If untreated, a cholesteatoma can erode the ossicles causing hearing loss, and may spread to the mastoid or inner ear leading to permanent hearing damage. Serious complications include facial paralysis, hydrocephalus, meningitis, or a brain abscess, all of which require prompt medical intervention.

Treatment aims first to control infection and prevent bone damage, with hearing restoration being secondary. Small cholesteatomas may be cleaned microscopically during an office visit, while advanced cases often require surgical procedures such as mastoidectomy to remove the growth and infection from the mastoid bone.

The primary surgery for cholesteatoma removal is mastoidectomy, which removes the cholesteatoma and infected tissue from the mastoid bone. Additional procedures like tympanoplasty may be performed to reconstruct the eardrum, and ossicular reconstruction may replace damaged middle ear bones with prosthetics to help restore hearing.

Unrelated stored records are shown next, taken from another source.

(* The two staircases are lifted to corners just inside the two windows of
   the edge, so that their cells fall into the windows; if both contained a
   point, those points would span an edge crossing [ij]. *)
Lemma free_edge_staircase_empty n r p i j N w h L :
  (0 < N)%nat -> 0 < L <= 1/100 ->
  (INR w + 1) / INR N <= 46/100 * L -> (INR h + 4) / INR N <= 33/100 * L ->
  in_cube n p -> free_edge n r p i j ->
  let d1 := fst (tdisp (p i) (p j)) in let d2 := snd (tdisp (p i) (p j)) in
  L ^ 2 <= d1 ^ 2 + d2 ^ 2 -> d2 ^ 2 <= d1 ^ 2 ->
  some_staircase_empty n N w h p.
Proof.
  intros HN HL Hw Hh Hcube [Hedge Hfree] d1 d2 HLd Hd21.
  destruct (dominant_coordinate L d1 d2) as [_ [Hs _]]; [lra|auto|auto|].
  set (s := d2 / d1) in Hs.
  destruct (slope_grid_below s Hs) as [jn [Hjn Hsg]].
  set (M1 := fst (p i) + d1 / 2). set (M2 := snd (p i) + d2 / 2).
  set (al := if Rle_dec 0 s then 34/100 else 12/100).
  set (be := if Rle_dec 0 s then 12/100 else 34/100).
  assert (Hsk : skewed_windows s al be).
  { unfold al, be. destruct (Rle_dec 0 s); [left|right]; repeat split; lra. }
  assert (Hsum : al * L + be * L = 46/100 * L) by (destruct Hsk as [[_ [-> ->]]|[_ [-> ->]]]; lra).
  set (zbU := 1/100 * L + L / 100 + 2 / INR N).
  set (zbD := - 36/100 * L + L / 100 + 2 / INR N).
  set (AU := (Int_part ((M1 + - al * L) * INR N) + 1)%Z).
  set (BU := (Int_part ((M2 + s * (IZR AU / INR N - M1) + zbU) * INR N) + 1)%Z).
  set (AD := (Int_part ((M1 + - be * L) * INR N) + 1)%Z).
  set (BD := (Int_part ((M2 + s * (IZR AD / INR N - M1) + zbD) * INR N) + 1)%Z).
  assert (Hwl : (INR w + 1) / INR N <= L) by lra.
  destruct (staircase_empty_or_occupied n N w h p AU BU jn HN Hjn) as [|[k [Hk HkU]]]; auto.
  destruct (staircase_empty_or_occupied n N w h p AD BD jn HN Hjn) as [|[l [Hl HlD]]]; auto.
  exfalso. apply Hfree.
  destruct (staircase_point_in_window n N w h p k AU BU jn L s M1 M2 (- al * L) zbU
     HN Hcube Hk ltac:(lra) Hs Hsg Hwl eq_refl eq_refl HkU) as [z1x [z1y [HX1 HZ1]]].
  destruct (staircase_point_in_window n N w h p l AD BD jn L s M1 M2 (- be * L) zbD
     HN Hcube Hl ltac:(lra) Hs Hsg Hwl eq_refl eq_refl HlD) as [z2x [z2y [HX2 HZ2]]].
  assert (HN0 : 0 < INR N) by (apply lt_0_INR; auto).
  assert (HNpos : 0 < 2 / INR N) by (apply Rdiv_lt_0_compat; lra).
  assert (Hh' : (INR h + 2) / INR N + 2 / INR N = (INR h + 4) / INR N) by (field; lra).
  apply (crossed_of_window_points n r p i j k l z1x z1y z2x z2y L al be
           Hedge Hk Hl HL HLd Hd21 Hsk);
    fold d1 d2 s M1 M2; unfold zbU, zbD in *; lra.
Qed.
(* A component reached from such a C0 that has an outgoing condensation arc is
   non-trivial: it avoids t by the lemma above, and it avoids s since an arc
   leaving the component of s would make s reach t by (B). *)
Lemma reached_component_nontrivial (C0 P C : {set N}) (x0 : T) :
  nontrivial r C0 -> vtx e h x0 \in C0 -> connect cnd C0 P -> cnd P C ->
  nontrivial r P.
Proof.
move=> ntC0 xC0 C0P PC.
have reach b : b \in P -> connect r (vtx e h x0) b.
  by case/and3P: ntC0 => sC0 _ _; exact: cond_path_connect sC0 C0P xC0.
have nsnk := vtx_component_avoids_snk ntC0 xC0.
move: (PC); case/and4P=> sP sC neq /existsP[u /andP[uP /existsP[v /andP[vC ruv]]]].
rewrite /nontrivial sP /=; apply/andP; split; apply/negP=> inP; last first.
  by case/negP: nsnk; exact: reach.
have vs : v != src e h.
  by apply: contra neq => /eqP vs; rewrite (scc_eq sP inP) (scc_eq sC vC) vs.
have [w sw _] : exists2 w, r (src e h) w & connect r w v.
  have /connectP[[|w q] /= pth last_v] := connect_trans (scc_connect sP inP uP) (connect1 ruv).
    by move: vs; rewrite last_v eqxx.
  by case/andP: pth => sw qp; exists w => //; apply/connectP; exists q.
by case/negP: nsnk; exact: connect_trans (reach _ inP) (src_arc_reaches_snk sw).
Qed.

Lemma des_predecessor (C0 C : {set N}) : nontrivial r C0 -> hasV C0 ->
  C \in des r C0 -> exists2 C', (C' == C0) || (C' \in des r C0) & cnd C' C.
Proof.
move=> ntC0 /existsP[x0 xC0].
rewrite in_des => /andP[_ /existsP[C'' /andP[c0 /connectP[p]]]].
case/lastP: p => [|p' Cl] /=; first by move=> _ ->; exists C0; rewrite ?eqxx.
rewrite rcons_path last_rcons => /andP[pp' cP] ->.
set P := last C'' p' in cP.
have C''P : connect cnd C'' P by apply/connectP; exists p'.
exists P => //; apply/orP; right; rewrite in_des.
rewrite (reached_component_nontrivial ntC0 xC0 _ cP) /=; last first.
  exact: connect_trans (connect1 c0) C''P.
by apply/existsP; exists C''; rewrite c0.
Qed.
Lemma threshold_bound l (s : profile n) (X : allocation n m) :
  (1 <= l < k)%N -> in_range k s -> feasible [set: 'I_n] X ->
  \sum_i (if (l <= s i)%N then v i (X i) (upd s i l) - v i (X i) (upd s i l.-1)
          else 0)
  <= d * social_welfare v s (random_threshold sel v l s).
Proof.
move=> hl hs hX.
have hlk : (l < k)%N by case/andP: hl.
set p := threshold_profile l s.
have hp : in_range k p by move=> j; rewrite ffunE; case: ifP => //; lia.
have hps j : (p j <= s j)%N by rewrite ffunE; case: ifP.
set N := [set j | (l <= s j)%N].
set vb := fun j T => if j \in N then v j T p else 0.
apply: le_trans (_ : d * \sum_i (if i \in N then vb i (X i) else vb i set0) <= _).
  rewrite mulr_sumr; apply: ler_sum => i _; rewrite /vb inE.
  by case: ifP => hi; [exact: (threshold_increment (X i) hl hs hi) | rewrite mulr0].
apply: (ler_wpM2l hd).
apply: (@maximizer_dominates _ _ _ _ hsel _ _ (fun i T => v i T s)) => // i T.
rewrite /vb; case: ifP => _; last exact: hnn.
exact: (monotone_profile i T hmono hp hs hps).
Qed.

(* Own parts: telescoping over the thresholds. *)
Lemma own_part_bound (s : profile n) (X : allocation n m) :
  in_range k s -> feasible [set: 'I_n] X ->
  \sum_i (v i (X i) s - v i (X i) (upd s i 0)) <=
  d * \sum_(1 <= l < k) social_welfare v s (random_threshold sel v l s).
Proof.
move=> hs hX; rewrite mulr_sumr.
apply: le_trans (ler_sum_nat (fun l hl => threshold_bound hl hs hX)).
rewrite exchange_big /=; apply: ler_sum => i _.
by rewrite (telescope_upto (fun l => v i (X i) (upd s i l)) (hs i)) /= upd_id.
Qed.

Definition zero_profile : profile n := [ffun => 0%N].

Cholesteatomas can recur even after surgical removal. Diligent post-surgical follow-up is essential to monitor healing and detect any regrowth early. Additional surgery may be necessary to ensure complete removal and prevent further complications.

While hearing restoration is a secondary goal, surgical procedures such as ossicular reconstruction can help improve hearing by replacing eroded middle ear bones with prosthetics. However, the primary aim is to control infection and prevent further damage to preserve existing hearing.